[[ INPUT DATA open ]]

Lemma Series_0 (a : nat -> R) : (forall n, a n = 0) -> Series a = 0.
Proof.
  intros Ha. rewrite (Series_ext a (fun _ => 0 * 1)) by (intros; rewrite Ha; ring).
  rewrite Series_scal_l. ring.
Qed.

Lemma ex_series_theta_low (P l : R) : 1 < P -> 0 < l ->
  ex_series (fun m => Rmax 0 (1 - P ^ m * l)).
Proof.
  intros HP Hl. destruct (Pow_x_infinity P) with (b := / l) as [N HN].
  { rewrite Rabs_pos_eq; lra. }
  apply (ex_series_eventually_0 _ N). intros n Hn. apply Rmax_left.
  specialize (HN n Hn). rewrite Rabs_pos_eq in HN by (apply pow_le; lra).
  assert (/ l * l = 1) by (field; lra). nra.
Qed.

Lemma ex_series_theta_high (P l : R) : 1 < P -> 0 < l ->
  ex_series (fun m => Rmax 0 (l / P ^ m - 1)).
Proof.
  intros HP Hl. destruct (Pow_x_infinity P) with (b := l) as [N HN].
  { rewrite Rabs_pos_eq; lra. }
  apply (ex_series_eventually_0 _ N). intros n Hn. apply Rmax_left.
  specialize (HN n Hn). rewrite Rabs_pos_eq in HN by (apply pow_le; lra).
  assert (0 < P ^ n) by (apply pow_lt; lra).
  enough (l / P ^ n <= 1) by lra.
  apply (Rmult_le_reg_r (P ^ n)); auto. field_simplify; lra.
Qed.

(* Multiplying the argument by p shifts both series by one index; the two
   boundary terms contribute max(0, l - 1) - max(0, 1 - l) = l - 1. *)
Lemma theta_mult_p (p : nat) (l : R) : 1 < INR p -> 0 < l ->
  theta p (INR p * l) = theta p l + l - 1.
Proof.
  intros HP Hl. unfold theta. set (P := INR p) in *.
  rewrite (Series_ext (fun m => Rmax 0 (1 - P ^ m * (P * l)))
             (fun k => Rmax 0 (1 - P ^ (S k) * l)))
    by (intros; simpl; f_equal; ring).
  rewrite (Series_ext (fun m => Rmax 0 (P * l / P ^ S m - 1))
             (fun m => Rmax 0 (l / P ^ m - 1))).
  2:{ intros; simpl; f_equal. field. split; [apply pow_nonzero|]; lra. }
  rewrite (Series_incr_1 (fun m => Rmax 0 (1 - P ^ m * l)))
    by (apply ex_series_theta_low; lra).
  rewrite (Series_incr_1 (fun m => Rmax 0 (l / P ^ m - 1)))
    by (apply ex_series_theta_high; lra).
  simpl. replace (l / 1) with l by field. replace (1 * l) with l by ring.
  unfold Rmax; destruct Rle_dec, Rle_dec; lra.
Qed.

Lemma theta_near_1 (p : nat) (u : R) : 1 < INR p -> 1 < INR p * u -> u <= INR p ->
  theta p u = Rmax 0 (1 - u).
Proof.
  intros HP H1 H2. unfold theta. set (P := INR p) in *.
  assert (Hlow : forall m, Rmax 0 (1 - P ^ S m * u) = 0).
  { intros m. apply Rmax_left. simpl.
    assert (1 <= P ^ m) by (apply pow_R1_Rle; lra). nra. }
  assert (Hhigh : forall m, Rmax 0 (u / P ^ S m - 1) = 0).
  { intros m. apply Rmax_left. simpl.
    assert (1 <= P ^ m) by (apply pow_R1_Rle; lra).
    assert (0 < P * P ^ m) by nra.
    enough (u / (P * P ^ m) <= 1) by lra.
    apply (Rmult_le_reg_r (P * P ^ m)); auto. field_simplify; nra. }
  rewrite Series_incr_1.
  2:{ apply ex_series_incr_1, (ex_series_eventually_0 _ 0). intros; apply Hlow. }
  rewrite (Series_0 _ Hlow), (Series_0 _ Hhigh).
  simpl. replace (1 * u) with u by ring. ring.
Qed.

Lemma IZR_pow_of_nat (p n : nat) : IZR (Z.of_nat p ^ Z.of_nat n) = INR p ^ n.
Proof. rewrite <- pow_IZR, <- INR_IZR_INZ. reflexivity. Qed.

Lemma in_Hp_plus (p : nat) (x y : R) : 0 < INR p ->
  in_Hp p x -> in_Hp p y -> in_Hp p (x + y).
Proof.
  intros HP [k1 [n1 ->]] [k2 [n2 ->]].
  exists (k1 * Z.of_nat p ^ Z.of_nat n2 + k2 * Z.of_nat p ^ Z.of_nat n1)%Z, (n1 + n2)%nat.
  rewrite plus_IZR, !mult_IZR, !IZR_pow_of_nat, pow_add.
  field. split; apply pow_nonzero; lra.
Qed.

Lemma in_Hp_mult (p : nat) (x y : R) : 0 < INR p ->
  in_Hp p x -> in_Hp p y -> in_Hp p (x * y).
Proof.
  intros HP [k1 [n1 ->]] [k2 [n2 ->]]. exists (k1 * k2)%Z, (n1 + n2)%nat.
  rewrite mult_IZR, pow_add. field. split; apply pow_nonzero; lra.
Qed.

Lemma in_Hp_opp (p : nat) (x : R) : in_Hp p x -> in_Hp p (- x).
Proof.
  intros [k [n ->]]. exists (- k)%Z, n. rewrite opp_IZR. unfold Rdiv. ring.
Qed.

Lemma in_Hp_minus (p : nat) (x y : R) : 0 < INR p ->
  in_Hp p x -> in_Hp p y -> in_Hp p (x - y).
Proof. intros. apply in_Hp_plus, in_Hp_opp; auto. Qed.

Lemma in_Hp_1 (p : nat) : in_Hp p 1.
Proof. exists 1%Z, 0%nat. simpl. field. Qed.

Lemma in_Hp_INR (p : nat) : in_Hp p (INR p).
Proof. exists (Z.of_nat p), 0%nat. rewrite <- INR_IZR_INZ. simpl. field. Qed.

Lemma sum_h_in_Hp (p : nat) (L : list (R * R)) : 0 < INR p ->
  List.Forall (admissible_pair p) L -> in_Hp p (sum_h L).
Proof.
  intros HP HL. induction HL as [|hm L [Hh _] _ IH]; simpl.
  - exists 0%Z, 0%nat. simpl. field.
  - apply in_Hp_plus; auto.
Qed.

[[ INPUT DATA closed ]]
[[ INPUT DATA open ]]

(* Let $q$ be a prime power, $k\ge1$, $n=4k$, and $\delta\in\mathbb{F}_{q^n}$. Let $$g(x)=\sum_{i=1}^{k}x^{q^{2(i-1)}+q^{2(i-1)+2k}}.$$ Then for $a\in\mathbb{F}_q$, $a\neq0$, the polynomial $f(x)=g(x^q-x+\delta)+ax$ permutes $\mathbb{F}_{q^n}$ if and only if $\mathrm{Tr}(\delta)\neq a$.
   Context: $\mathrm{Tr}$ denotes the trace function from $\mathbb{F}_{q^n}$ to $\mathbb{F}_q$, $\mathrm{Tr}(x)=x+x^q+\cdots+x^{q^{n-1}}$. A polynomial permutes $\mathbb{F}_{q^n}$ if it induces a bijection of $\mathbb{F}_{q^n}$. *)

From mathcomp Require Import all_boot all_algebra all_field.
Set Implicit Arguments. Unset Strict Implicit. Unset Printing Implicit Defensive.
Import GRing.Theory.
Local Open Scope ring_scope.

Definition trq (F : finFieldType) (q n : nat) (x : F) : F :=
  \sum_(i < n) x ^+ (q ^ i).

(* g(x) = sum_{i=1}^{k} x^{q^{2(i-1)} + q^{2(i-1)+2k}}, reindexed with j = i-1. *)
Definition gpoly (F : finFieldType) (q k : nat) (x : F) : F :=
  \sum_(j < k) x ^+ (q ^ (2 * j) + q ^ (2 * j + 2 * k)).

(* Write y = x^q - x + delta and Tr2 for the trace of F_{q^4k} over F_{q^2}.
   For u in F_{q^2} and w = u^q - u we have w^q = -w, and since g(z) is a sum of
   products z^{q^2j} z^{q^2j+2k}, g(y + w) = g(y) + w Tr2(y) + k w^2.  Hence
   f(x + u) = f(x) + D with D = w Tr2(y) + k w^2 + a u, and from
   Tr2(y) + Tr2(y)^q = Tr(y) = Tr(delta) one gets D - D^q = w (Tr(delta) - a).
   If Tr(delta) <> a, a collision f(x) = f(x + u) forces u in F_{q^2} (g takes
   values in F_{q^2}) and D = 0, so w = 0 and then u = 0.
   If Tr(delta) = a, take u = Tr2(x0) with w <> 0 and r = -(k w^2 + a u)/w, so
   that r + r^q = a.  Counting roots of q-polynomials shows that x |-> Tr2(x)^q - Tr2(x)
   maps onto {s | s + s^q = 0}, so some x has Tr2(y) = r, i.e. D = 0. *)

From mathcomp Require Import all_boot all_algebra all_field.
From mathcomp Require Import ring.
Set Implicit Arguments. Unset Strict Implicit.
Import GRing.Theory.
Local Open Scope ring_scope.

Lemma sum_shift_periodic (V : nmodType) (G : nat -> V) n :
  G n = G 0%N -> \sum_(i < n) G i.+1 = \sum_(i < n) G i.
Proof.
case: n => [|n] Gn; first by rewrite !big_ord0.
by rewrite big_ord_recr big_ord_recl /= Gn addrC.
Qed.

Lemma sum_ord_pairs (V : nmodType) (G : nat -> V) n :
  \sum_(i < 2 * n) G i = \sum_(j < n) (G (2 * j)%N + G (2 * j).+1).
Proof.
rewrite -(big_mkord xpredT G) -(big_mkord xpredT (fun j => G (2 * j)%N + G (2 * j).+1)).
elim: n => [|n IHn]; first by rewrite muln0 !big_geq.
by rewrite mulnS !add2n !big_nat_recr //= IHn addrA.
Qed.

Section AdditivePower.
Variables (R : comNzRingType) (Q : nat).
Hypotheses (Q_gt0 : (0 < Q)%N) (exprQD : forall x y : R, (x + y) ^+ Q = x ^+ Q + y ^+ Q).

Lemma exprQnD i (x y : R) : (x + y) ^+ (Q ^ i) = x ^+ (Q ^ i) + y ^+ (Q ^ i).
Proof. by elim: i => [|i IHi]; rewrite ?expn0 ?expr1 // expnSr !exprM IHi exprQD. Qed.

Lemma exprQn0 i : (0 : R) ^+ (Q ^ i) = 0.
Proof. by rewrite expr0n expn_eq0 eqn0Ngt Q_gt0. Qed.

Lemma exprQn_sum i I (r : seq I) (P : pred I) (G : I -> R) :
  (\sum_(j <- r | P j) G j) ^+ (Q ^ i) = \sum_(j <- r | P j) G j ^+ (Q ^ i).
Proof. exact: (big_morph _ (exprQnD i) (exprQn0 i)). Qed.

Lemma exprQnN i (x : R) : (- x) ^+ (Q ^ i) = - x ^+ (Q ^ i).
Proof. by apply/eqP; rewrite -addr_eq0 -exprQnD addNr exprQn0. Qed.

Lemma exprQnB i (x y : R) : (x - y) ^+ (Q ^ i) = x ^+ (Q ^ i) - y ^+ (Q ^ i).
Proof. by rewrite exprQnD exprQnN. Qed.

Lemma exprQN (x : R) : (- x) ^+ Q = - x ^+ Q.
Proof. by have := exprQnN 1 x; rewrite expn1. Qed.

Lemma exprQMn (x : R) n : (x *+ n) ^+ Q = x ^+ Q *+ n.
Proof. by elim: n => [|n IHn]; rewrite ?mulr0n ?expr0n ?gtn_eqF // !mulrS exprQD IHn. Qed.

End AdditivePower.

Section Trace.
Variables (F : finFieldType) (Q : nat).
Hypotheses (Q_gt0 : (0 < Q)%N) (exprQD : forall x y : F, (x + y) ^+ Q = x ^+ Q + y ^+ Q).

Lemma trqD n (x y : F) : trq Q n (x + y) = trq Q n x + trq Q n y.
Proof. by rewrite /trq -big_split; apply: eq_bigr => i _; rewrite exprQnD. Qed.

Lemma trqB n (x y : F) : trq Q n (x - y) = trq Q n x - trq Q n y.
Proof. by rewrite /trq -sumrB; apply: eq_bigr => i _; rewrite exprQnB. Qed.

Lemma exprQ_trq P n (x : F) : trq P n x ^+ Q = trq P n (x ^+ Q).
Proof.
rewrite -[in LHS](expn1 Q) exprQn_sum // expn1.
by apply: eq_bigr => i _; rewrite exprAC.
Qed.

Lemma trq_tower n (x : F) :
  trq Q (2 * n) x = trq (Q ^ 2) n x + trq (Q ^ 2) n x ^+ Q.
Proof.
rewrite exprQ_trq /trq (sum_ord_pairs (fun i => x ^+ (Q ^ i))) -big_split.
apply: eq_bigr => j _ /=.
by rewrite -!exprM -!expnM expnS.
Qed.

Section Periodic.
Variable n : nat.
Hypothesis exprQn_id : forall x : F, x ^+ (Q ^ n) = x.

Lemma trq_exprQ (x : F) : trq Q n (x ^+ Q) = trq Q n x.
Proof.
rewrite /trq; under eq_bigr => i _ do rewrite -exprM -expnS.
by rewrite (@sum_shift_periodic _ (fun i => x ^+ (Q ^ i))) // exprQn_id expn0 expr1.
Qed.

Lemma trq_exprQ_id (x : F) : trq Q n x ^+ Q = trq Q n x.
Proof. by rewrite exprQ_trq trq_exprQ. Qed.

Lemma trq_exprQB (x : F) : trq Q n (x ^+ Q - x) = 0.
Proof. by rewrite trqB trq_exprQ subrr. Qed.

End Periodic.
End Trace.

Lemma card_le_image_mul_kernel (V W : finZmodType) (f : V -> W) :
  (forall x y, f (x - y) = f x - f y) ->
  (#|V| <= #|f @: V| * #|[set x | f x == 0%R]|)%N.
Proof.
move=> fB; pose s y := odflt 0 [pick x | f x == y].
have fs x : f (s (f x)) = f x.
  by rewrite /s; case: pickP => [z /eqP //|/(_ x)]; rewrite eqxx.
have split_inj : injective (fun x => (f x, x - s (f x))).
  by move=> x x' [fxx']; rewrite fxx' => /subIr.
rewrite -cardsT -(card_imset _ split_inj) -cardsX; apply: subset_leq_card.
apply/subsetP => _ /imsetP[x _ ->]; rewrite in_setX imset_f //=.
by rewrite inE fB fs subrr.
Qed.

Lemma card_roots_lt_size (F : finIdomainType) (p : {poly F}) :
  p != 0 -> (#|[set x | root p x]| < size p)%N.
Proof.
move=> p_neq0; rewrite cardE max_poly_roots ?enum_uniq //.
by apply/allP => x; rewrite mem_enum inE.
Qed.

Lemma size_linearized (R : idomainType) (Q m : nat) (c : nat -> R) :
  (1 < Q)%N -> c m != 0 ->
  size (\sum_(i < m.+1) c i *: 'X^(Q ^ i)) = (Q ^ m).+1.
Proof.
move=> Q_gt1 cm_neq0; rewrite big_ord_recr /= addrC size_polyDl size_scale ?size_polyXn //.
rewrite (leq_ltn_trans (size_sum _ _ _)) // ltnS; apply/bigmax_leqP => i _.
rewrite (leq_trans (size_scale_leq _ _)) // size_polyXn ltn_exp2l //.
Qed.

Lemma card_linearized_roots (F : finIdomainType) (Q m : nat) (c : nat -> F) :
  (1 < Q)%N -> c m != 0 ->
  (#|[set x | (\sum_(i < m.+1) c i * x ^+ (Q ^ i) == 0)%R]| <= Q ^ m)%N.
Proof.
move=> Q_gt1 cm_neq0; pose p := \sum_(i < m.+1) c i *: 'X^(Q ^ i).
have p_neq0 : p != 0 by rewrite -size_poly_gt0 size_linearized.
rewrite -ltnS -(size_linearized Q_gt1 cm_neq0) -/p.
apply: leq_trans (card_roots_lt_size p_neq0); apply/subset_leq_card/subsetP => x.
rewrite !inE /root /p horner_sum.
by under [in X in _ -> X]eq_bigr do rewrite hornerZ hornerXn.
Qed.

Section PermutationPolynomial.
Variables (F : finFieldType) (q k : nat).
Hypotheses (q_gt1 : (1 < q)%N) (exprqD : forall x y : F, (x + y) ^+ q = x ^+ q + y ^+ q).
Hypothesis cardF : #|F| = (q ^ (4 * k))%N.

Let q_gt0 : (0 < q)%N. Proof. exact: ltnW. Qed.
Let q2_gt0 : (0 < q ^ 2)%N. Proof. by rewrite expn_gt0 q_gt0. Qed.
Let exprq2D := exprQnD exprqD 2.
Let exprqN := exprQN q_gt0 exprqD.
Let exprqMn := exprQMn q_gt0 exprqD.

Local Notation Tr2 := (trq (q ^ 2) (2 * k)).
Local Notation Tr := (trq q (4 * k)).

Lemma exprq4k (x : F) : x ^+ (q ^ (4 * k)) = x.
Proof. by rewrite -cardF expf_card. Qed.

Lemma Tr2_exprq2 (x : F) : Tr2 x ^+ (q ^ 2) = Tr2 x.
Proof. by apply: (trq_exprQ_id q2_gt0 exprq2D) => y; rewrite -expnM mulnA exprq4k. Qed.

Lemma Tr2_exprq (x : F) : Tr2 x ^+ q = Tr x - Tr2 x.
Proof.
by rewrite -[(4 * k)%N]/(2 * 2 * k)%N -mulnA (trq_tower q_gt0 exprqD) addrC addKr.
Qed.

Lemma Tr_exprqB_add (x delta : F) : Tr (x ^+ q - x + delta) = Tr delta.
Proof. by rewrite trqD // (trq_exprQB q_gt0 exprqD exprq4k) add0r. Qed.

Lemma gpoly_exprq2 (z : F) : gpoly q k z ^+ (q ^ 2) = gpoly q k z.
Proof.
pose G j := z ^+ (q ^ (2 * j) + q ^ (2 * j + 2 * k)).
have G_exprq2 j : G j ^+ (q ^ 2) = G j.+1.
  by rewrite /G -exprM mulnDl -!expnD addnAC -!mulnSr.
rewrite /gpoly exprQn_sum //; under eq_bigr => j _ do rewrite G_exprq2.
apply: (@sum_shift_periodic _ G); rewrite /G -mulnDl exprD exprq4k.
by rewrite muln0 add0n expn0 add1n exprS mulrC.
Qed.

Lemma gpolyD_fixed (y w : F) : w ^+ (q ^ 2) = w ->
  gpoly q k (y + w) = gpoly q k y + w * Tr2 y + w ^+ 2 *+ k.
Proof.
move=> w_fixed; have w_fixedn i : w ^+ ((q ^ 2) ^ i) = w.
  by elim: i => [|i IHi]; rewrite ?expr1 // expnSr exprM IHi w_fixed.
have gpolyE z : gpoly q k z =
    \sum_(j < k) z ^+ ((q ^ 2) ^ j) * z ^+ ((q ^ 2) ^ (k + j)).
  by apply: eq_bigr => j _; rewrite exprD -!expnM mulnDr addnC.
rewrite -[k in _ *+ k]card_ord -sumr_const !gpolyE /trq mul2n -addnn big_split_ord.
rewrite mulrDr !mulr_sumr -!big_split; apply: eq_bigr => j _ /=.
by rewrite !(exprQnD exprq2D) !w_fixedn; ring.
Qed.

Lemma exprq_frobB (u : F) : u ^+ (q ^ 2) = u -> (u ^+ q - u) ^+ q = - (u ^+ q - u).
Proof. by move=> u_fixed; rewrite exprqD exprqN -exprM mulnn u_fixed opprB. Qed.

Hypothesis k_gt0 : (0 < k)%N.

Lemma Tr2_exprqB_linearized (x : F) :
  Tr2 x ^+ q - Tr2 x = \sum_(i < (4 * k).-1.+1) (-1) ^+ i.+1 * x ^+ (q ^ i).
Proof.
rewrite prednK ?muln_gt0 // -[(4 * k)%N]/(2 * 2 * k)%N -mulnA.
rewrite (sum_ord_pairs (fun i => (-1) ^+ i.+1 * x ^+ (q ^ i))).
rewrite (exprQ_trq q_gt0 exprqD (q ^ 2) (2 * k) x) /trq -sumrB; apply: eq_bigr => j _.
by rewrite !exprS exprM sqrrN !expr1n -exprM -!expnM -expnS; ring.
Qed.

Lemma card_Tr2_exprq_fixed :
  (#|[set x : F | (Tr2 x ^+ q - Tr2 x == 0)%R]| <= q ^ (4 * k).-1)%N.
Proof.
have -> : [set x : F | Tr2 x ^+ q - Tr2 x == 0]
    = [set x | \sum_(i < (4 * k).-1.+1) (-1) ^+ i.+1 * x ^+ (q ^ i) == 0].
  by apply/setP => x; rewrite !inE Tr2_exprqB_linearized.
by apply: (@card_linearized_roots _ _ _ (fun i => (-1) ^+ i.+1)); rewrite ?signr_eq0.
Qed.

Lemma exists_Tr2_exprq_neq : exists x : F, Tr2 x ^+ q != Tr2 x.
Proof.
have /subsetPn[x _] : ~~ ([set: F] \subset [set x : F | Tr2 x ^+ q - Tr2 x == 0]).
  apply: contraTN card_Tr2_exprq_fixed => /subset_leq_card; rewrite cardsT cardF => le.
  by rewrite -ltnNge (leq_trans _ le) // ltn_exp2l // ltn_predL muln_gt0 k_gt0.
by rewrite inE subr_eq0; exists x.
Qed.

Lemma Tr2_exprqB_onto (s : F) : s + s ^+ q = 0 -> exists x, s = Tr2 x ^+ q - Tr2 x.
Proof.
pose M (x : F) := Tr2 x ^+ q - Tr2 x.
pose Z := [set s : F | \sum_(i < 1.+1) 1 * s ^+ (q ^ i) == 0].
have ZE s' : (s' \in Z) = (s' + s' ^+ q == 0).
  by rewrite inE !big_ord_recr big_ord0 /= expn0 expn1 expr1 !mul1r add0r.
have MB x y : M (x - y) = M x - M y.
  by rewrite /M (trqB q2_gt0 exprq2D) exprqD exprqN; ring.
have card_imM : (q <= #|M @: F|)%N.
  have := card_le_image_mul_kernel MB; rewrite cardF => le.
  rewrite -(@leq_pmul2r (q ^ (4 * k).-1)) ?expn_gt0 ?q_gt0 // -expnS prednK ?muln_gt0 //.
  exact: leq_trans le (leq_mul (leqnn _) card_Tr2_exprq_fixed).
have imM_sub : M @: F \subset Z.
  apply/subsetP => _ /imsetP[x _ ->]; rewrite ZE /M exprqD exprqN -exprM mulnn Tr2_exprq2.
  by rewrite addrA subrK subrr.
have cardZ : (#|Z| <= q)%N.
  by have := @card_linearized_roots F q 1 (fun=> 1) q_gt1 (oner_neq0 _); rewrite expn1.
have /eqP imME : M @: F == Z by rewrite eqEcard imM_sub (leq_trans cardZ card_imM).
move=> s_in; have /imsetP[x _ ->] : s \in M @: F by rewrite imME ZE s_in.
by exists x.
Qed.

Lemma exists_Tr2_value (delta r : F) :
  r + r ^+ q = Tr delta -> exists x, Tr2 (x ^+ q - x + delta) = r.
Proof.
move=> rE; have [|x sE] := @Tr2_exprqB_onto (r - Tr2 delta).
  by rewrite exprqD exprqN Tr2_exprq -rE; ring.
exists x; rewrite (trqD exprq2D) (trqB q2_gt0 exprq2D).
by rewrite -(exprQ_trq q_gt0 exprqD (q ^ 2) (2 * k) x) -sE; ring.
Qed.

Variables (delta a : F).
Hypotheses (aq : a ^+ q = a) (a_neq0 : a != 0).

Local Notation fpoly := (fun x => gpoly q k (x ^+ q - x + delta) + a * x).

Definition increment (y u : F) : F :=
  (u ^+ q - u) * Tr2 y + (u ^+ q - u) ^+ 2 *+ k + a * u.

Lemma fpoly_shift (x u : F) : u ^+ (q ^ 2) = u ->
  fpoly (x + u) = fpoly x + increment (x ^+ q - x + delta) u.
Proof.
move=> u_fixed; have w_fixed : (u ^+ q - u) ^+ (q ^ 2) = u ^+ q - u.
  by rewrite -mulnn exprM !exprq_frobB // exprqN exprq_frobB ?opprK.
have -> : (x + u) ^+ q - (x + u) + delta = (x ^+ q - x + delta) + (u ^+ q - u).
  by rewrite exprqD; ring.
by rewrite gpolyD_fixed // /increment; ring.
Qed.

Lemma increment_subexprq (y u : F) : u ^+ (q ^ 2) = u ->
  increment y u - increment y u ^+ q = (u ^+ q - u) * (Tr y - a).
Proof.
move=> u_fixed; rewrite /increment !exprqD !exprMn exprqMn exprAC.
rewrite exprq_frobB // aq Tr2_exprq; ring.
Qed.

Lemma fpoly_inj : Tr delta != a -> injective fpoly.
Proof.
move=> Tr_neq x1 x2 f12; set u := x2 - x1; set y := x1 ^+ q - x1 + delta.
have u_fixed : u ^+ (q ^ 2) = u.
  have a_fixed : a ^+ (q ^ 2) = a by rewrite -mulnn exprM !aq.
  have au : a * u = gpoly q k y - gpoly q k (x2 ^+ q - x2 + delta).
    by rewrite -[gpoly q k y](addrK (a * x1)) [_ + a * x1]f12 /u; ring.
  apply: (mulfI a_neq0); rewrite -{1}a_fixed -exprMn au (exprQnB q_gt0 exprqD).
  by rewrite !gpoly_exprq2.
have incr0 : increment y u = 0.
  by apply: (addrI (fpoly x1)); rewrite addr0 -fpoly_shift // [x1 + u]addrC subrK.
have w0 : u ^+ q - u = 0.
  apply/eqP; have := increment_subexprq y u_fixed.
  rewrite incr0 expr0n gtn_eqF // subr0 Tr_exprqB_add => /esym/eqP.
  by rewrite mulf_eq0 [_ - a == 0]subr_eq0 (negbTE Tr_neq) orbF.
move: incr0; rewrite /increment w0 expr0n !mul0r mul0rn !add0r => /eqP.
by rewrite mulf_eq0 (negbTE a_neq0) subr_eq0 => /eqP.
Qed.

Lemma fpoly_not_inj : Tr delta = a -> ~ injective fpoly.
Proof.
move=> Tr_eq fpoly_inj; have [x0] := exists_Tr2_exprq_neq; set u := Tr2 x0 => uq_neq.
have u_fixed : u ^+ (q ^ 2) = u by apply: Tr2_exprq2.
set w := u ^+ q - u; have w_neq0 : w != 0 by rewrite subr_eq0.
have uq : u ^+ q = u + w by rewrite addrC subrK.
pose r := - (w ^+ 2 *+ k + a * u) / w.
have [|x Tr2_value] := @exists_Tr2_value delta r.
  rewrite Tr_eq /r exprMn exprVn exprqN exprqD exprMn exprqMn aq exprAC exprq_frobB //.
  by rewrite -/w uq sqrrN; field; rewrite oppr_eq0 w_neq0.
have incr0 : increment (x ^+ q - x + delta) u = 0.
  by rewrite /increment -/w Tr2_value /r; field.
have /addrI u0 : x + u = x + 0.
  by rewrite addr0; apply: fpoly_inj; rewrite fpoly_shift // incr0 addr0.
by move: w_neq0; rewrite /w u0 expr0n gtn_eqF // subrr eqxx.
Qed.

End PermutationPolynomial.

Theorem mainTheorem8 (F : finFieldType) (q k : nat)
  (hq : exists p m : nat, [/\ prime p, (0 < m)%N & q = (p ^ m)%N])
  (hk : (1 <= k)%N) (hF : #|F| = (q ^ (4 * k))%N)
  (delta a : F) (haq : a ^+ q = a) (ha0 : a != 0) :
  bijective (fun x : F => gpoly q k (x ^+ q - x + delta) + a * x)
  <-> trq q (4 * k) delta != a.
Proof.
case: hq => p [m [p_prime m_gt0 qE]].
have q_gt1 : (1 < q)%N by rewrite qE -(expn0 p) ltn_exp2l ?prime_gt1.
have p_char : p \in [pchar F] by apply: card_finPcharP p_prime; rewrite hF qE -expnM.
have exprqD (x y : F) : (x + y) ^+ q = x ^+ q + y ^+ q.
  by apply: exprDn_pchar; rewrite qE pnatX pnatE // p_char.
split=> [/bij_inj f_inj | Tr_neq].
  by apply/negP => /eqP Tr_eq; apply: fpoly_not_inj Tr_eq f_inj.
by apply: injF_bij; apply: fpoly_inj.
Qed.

[[ INPUT DATA closed ]]

WORK INSTRUCTIONS:
Only the lines above starting at the one containing "Lemma Series_0 (a" and ending at the one containing "Lemma ex_series_theta_low (P", both included, are to be returned, exactly as they read.

OUTPUT OF THE TASK:
Lemma Series_0 (a : nat -> R) : (forall n, a n = 0) -> Series a = 0.
Proof.
  intros Ha. rewrite (Series_ext a (fun _ => 0 * 1)) by (intros; rewrite Ha; ring).
  rewrite Series_scal_l. ring.
Qed.

Lemma ex_series_theta_low (P l : R) : 1 < P -> 0 < l ->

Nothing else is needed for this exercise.